4. Outside Hadoop, post-process the output from the reducer. For each batch reconstruct the Jaccard distance matrix and convert to a dist object, e.g., using as.dist. Cluster each of the 10 batches in order using the average method in hclust. Discuss the changes in the dendrograms over time.

#### read in the data, split into a list of key-val pairs, and sort by
#### time of day
dist.lines <- readLines("./hw2-output/part-00000")
dist.split <- strsplit(dist.lines, ";")
keys <- sapply(dist.split, function(k) k[1])
dist.list <- lapply(1:length(keys), function(k) dist.split[[k]][2])
names(dist.list) <- keys
dist.list <- dist.list[c(2:10, 1)]

#### now we need to convert the list elements from vectors to distance
#### matrices and cluster them.
cluster.list <- lapply(dist.list, function(l){
    dist.mat <- matrix(0, nrow=17, ncol=17)
    dist.mat[lower.tri(diag(17))] <- as.numeric(unlist(
        strsplit(l, ",")))
    colnames(dist.mat) <- rownames(dist.mat) <- c(
        "frontpage", "news","tech", "local","opinion",
        "on-air","misc", "weather","health", "living", "business",
        "sports", "summary", "bbs", "travel", "msn-news",
        "msn-sports")  
    hclust(as.dist(dist.mat), "ave")
})

## create dendros.
svg("dendros.svg", width=20, height=10)
par(mfrow = c(2, 5))
invisible(sapply(1:length(cluster.list), function(i){
    plot(cluster.list[[i]], main=names(cluster.list)[i], xlab="")
}))
dev.off()

Across all time periods, the front page and news categories often visited by in the same session. Some other categories tend to consistently appear in pairs as well, such as local & miscellaneous and summary & bulletin board services.

In the middle of the day (times 4-7) and at time 2, we tend to see more clusters being built up branch-by-branch in long runs, while the beginning and end of day clusters see more discrete, compact clusters.

5. Develop the workflow for items 1 to 4 above with items 2 and 3 being run within HDFS/ Hadoop using Hadoop streaming based on the R scripts. If you cannot get the code to run with Hadoop then use UNIX pipes, with perhaps some loss in points.
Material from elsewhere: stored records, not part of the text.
(* Equip $\mathbb{R}^k$ with the Euclidean norm and $\mathbb{R}$ with the absolute value. Then the maps $(0,\infty)^k\to\mathbb{R}$, $\lambda\mapsto g(\|Y-X\hat\beta^\lambda\|_2^2)$ and $\lambda\mapsto\|Y-X\hat\beta^\lambda\|_2^2$ are well defined (independent of the choice of minimizer $\hat\beta^\lambda$) and continuous.
   Context: $Y\in\mathbb{R}^n$, $X\in\mathbb{R}^{n\times p}$. Link function $g:\mathbb{R}\to[0,\infty)$ with $g(0)=0$, $g$ continuous and strictly increasing on $[0,\infty)$, continuously differentiable on $(0,\infty)$ with strictly positive and non-increasing derivative, and such that $\alpha\mapsto g(\|\alpha\|_2^2)$ is strictly convex on $\mathbb{R}^n$. $M_1,\dots,M_k\in\mathbb{R}^{p\times p}$ with $\bigcap_{j}\mathrm{Ker}(M_j)=\{0\}$, $q_j\ge1$, $\|\cdot\|_{q_j}$ the $\ell_{q_j}$-norm on $\mathbb{R}^p$. For $\lambda\in(0,\infty)^k$, $\hat\beta^\lambda$ denotes any element of $\arg\min_{\beta\in\mathbb{R}^p}\{g(\|Y-X\beta\|_2^2)+\sum_{j=1}^k\lambda_j\|M_j\beta\|_{q_j}\}$. *)

(* classical real numbers. Vectors of R^m are functions nat -> R,
   only the indices < m are meaningful; matrices are nat -> nat -> R. *)
From Stdlib Require Import Reals.
Open Scope R_scope.

Fixpoint rsum (f : nat -> R) (m : nat) : R :=
  match m with
  | O => 0
  | S m' => rsum f m' + f m'
  end.

Definition sqnorm (m : nat) (v : nat -> R) : R := rsum (fun i => v i ^ 2) m.

Definition edist (m : nat) (u v : nat -> R) : R := sqrt (sqnorm m (fun i => u i - v i)).

Definition matvec (c : nat) (A : nat -> nat -> R) (v : nat -> R) : nat -> R :=
  fun i => rsum (fun j => A i j * v j) c.

(* x^q for x >= 0 and q > 0, with the convention 0^q = 0 *)
Definition rpow (x q : R) : R :=
  if Rle_dec x 0 then 0 else Rpower x q.

Definition lqnorm (m : nat) (q : R) (v : nat -> R) : R :=
  rpow (rsum (fun i => rpow (Rabs (v i)) q) m) (/ q).

Definition objective (n p k : nat) (g : R -> R) (Y : nat -> R)
  (X : nat -> nat -> R) (M : nat -> nat -> nat -> R) (q : nat -> R)
  (lam : nat -> R) (b : nat -> R) : R :=
  g (sqnorm n (fun i => Y i - matvec p X b i))
  + rsum (fun j => lam j * lqnorm p (q j) (matvec p (M j) b)) k.

Definition is_minimizer (n p k : nat) (g : R -> R) (Y : nat -> R)
  (X : nat -> nat -> R) (M : nat -> nat -> nat -> R) (q : nat -> R)
  (lam : nat -> R) (b : nat -> R) : Prop :=
  forall b' : nat -> R, objective n p k g Y X M q lam b <= objective n p k g Y X M q lam b'.

Definition pos_vec (k : nat) (lam : nat -> R) : Prop := forall j, (j < k)%nat -> 0 < lam j.

Definition link_function (n : nat) (g : R -> R) : Prop :=
  g 0 = 0
  /\ (forall x, 0 <= x -> forall eps, 0 < eps -> exists delta, 0 < delta /\
        forall y, 0 <= y -> Rabs (y - x) < delta -> Rabs (g y - g x) < eps)
  /\ (forall x y, 0 <= x -> x < y -> g x < g y)
  /\ (exists g' : R -> R,
        (forall x, 0 < x -> derivable_pt_lim g x (g' x))
        /\ (forall x, 0 < x -> continuity_pt g' x)
        /\ (forall x, 0 < x -> 0 < g' x)
        /\ (forall x y, 0 < x -> x <= y -> g' y <= g' x))
  /\ (forall (a b : nat -> R) (t : R),
        (exists i, (i < n)%nat /\ a i <> b i) -> 0 < t < 1 ->
        g (sqnorm n (fun i => t * a i + (1 - t) * b i))
        < t * g (sqnorm n a) + (1 - t) * g (sqnorm n b)).

From Stdlib Require Import Reals Lra Lia Classical FunctionalExtensionality.
From HB Require structures.
From mathcomp Require all_boot all_order all_algebra all_classical all_reals all_analysis.
From mathcomp Require Rstruct Rstruct_topology.
Open Scope R_scope.

(* The penalty is positively homogeneous and, by the kernel condition, vanishes only at 0, so
   it dominates a multiple of the sup-norm; the objective is thus coercive and continuous and
   attains its minimum on a large box.
   For minimizers b at lam and b0 at lam0, comparing each with the midpoint (b + b0)/2 and using
   the midpoint convexity of the l_q norms bounds the midpoint gap of phi(t) = g(t^2) between
   ||Y - X b|| and ||Y - X b0|| by sum_j (lam0_j - lam_j)(||M_j b|| - ||M_j b0||)/4. This is 0
   when lam = lam0 and O(|lam - lam0|) nearby, minimizers having bounded penalties; strict
   convexity of phi turns a small gap into close residual norms. *)

Lemma rsum_ext (f g : nat -> R) m :
  (forall i, (i < m)%nat -> f i = g i) -> rsum f m = rsum g m.
Proof.
  induction m as [|m IH]; intros H; simpl; [reflexivity|].
  rewrite IH by (intros; apply H; lia). rewrite (H m) by lia. reflexivity.
Qed.

Lemma rsum_plus (f g : nat -> R) m :
  rsum (fun i => f i + g i) m = rsum f m + rsum g m.
Proof. induction m as [|m IH]; simpl; [lra|]. rewrite IH. ring. Qed.

Lemma rsum_scal (c : R) (f : nat -> R) m :
  rsum (fun i => c * f i) m = c * rsum f m.
Proof. induction m as [|m IH]; simpl; [ring|]. rewrite IH. ring. Qed.

Lemma rsum_const (c : R) m : rsum (fun _ => c) m = INR m * c.
Proof. induction m as [|m IH]; [simpl; ring|]. cbn [rsum]. rewrite IH, S_INR. ring. Qed.

Lemma rsum_le (f g : nat -> R) m :
  (forall i, (i < m)%nat -> f i <= g i) -> rsum f m <= rsum g m.
Proof.
  induction m as [|m IH]; intros H; simpl; [lra|].
  assert (H1 := IH (fun i Hi => H i ltac:(lia))). assert (H2 := H m ltac:(lia)). lra.
Qed.

Lemma rsum_nonneg (f : nat -> R) m :
  (forall i, (i < m)%nat -> 0 <= f i) -> 0 <= rsum f m.
Proof.
  intros H. replace 0 with (rsum (fun _ => 0) m) by (rewrite rsum_const; ring).
  apply rsum_le; exact H.
Qed.

Lemma rsum_ge_term (f : nat -> R) m j :
  (forall i, (i < m)%nat -> 0 <= f i) -> (j < m)%nat -> f j <= rsum f m.
Proof.
  induction m as [|m IH]; intros H Hj; [lia|]. simpl.
  destruct (Nat.eq_dec j m) as [->|Hne].
  - assert (0 <= rsum f m) by (apply rsum_nonneg; intros; apply H; lia). lra.
  - assert (f j <= rsum f m) by (apply IH; [intros; apply H; lia| lia]).
    assert (0 <= f m) by (apply H; lia). lra.
Qed.

Lemma rsum_mult_sub (l0 l u v : nat -> R) k :
  rsum (fun j => (l0 j - l j) * (u j - v j)) k =
  rsum (fun j => l0 j * u j) k - rsum (fun j => l0 j * v j) k -
  (rsum (fun j => l j * u j) k - rsum (fun j => l j * v j) k).
Proof. induction k as [|k IH]; simpl; [ring|]. rewrite IH. ring. Qed.

Lemma sqnorm_nonneg m v : 0 <= sqnorm m v.
Proof. apply rsum_nonneg; intros; apply pow2_ge_0. Qed.

Lemma edist_ge_coord k l l0 j : (j < k)%nat -> Rabs (l j - l0 j) <= edist k l l0.
Proof.
  intros Hj. unfold edist. rewrite <- sqrt_pow2 with (x := Rabs (l j - l0 j)) by apply Rabs_pos.
  apply sqrt_le_1_alt. rewrite pow2_abs.
  apply (rsum_ge_term (fun i => (l i - l0 i) ^ 2)); [intros; apply pow2_ge_0| exact Hj].
Qed.

Lemma pos_vec_lower_bound k (f : nat -> R) : pos_vec k f ->
  exists L, 0 < L /\ forall j, (j < k)%nat -> L <= f j.
Proof.
  induction k as [|k IH]; intros H.
  - exists 1; split; [lra| intros; lia].
  - destruct IH as [L [HL HLj]]; [intros j Hj; apply H; lia|].
    exists (Rmin L (f k)). split; [apply Rmin_glb_lt; [lra| apply H; lia]|].
    intros j Hj. destruct (Nat.eq_dec j k) as [->|Hne]; [apply Rmin_r|].
    eapply Rle_trans; [apply Rmin_l| apply HLj; lia].
Qed.

Lemma rpow_nonpos x q : x <= 0 -> rpow x q = 0.
Proof. intros H. unfold rpow. destruct (Rle_dec x 0); [reflexivity| lra]. Qed.

Lemma rpow_Rpower x q : 0 < x -> rpow x q = Rpower x q.
Proof. intros H. unfold rpow. destruct (Rle_dec x 0); [lra| reflexivity]. Qed.

Lemma rpow_gt0 x q : 0 < x -> 0 < rpow x q.
Proof. intros H. rewrite rpow_Rpower by exact H. apply exp_pos. Qed.

Lemma rpow_ge0 x q : 0 <= rpow x q.
Proof.
  destruct (Rle_dec x 0) as [H|H].
  - rewrite rpow_nonpos by exact H. lra.
  - left; apply rpow_gt0; lra.
Qed.

Lemma rpow_eq0 x q : rpow x q = 0 -> x <= 0.
Proof.
  intros H. destruct (Rle_dec x 0) as [h|h]; [exact h|].
  assert (0 < rpow x q) by (apply rpow_gt0; lra). lra.
Qed.

Lemma rpow_mult_distr x y q : 0 <= x -> 0 <= y -> rpow (x * y) q = rpow x q * rpow y q.
Proof.
  intros Hx Hy. destruct (Req_dec x 0) as [->|Hx0].
  { rewrite Rmult_0_l, (rpow_nonpos 0) by lra. ring. }
  destruct (Req_dec y 0) as [->|Hy0].
  { rewrite Rmult_0_r, (rpow_nonpos 0) by lra. ring. }
  rewrite !rpow_Rpower by (try apply Rmult_lt_0_compat; lra).
  symmetry; apply Rpower_mult_distr; lra.
Qed.

Lemma rpow_rpow x a b : 0 <= x -> rpow (rpow x a) b = rpow x (a * b).
Proof.
  intros Hx. destruct (Req_dec x 0) as [->|Hx0].
  { rewrite !(rpow_nonpos 0) by lra. reflexivity. }
  rewrite (rpow_Rpower (rpow x a)) by (apply rpow_gt0; lra).
  rewrite !(rpow_Rpower x) by lra. apply Rpower_mult.
Qed.

Lemma rpow_1 x : 0 <= x -> rpow x 1 = x.
Proof.
  intros Hx. destruct (Req_dec x 0) as [->|Hx0]; [apply rpow_nonpos; lra|].
  rewrite rpow_Rpower by lra. apply Rpower_1; lra.
Qed.

Lemma rpow_1_l q : rpow 1 q = 1.
Proof. rewrite rpow_Rpower by lra. unfold Rpower. rewrite ln_1, Rmult_0_r. apply exp_0. Qed.

Lemma rpow_inv_l x q : 0 <= x -> 0 < q -> rpow (rpow x q) (/ q) = x.
Proof. intros Hx Hq. rewrite rpow_rpow, Rinv_r by lra. apply rpow_1; exact Hx. Qed.

Lemma rpow_inv_r x q : 0 <= x -> 0 < q -> rpow (rpow x (/ q)) q = x.
Proof. intros Hx Hq. rewrite rpow_rpow, Rinv_l by lra. apply rpow_1; exact Hx. Qed.

Lemma rpow_Rinv x q : 0 < x -> rpow (/ x) q = / rpow x q.
Proof.
  intros Hx. assert (Hr := rpow_gt0 x q Hx).
  assert (E : rpow x q * rpow (/ x) q = 1).
  { rewrite <- rpow_mult_distr by (try (left; apply Rinv_0_lt_compat); lra).
    rewrite Rinv_r by lra. apply rpow_1_l. }
  field_simplify_eq; [| lra]. rewrite Rmult_comm; exact E.
Qed.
I used a shell script to automate the workflow:

#### perform preprocessing.  
echo "Preprocessing..."
Rscript premsnbc.R

#### clear the output both locally and in hdfs so hadoop doesn't
#### complain
echo -e "\nCleaning up old output..."
if [ -N hw2-output ] ; then
    rm -r hw2-output
fi
hdfs dfs -rm -r hw2-output

#### refresh the source files to make sure we're working with the most
#### up-to-date versions.
if [ -N msnbc_preprocessed.seq ] ; then
    echo -e "\nUpdating data file..."
    hdfs dfs -rm msnbc_preprocessed.seq
    hdfs dfs -put msnbc_preprocessed.seq
fi
if [ -N mapper.R ] ; then
    echo -e "\nUpdating mapper file..."
    hdfs dfs -rm mapper.R
    hdfs dfs -put mapper.R

fi
if [ -N reducer.R ] ; then
    echo -e "\nUpdating reducer file..."
    hdfs dfs -rm reducer.R
    hdfs dfs -put reducer.R
fi


#### run the hadoop job.
echo -e "\nStarting the hadoop job..."
hadoop jar /usr/lib/hadoop-mapreduce/hadoop-streaming-2.5.0-cdh5.3.2.jar \
  -files mapper.R,reducer.R \
  -input msnbc_preprocessed.seq \
  -output hw2-output \
  -mapper mapper.R \
  -reducer reducer.R \
  -numReduceTasks 1

#### create a local copy of hadoop output.
echo -e "\nCreating local copy of output..."
hdfs dfs -get hw2-output

#### postprocess & get dendros.
echo -e "\nPostprocessing..."
Rscript postmsnbc.R

echo -e "\nAll tasks complete."

Since we tend to see more distinct clusters at the beginning and end of the day, it seems reasonable that during these times users are looking for specific types of news. In contrast, we don’t see very much structure in the middle of the day, which may point toward users clicking around when they’re bored at work.

Certain types of pages form clusters more often that not, such as Business, Sports, and tech. These clusters may be indicative of the demographics of the users who favor them, so that information may be worth obtaining.

Because of this, random article recommendations may be best in the middle of the day, while more targeted recommendations of categories within clusters may be warranted during non-business hours.

Note: Your next assignment will redo this assignment using the datadr and rhipe packages from Tessera. This assignment uses Hadoop streaming.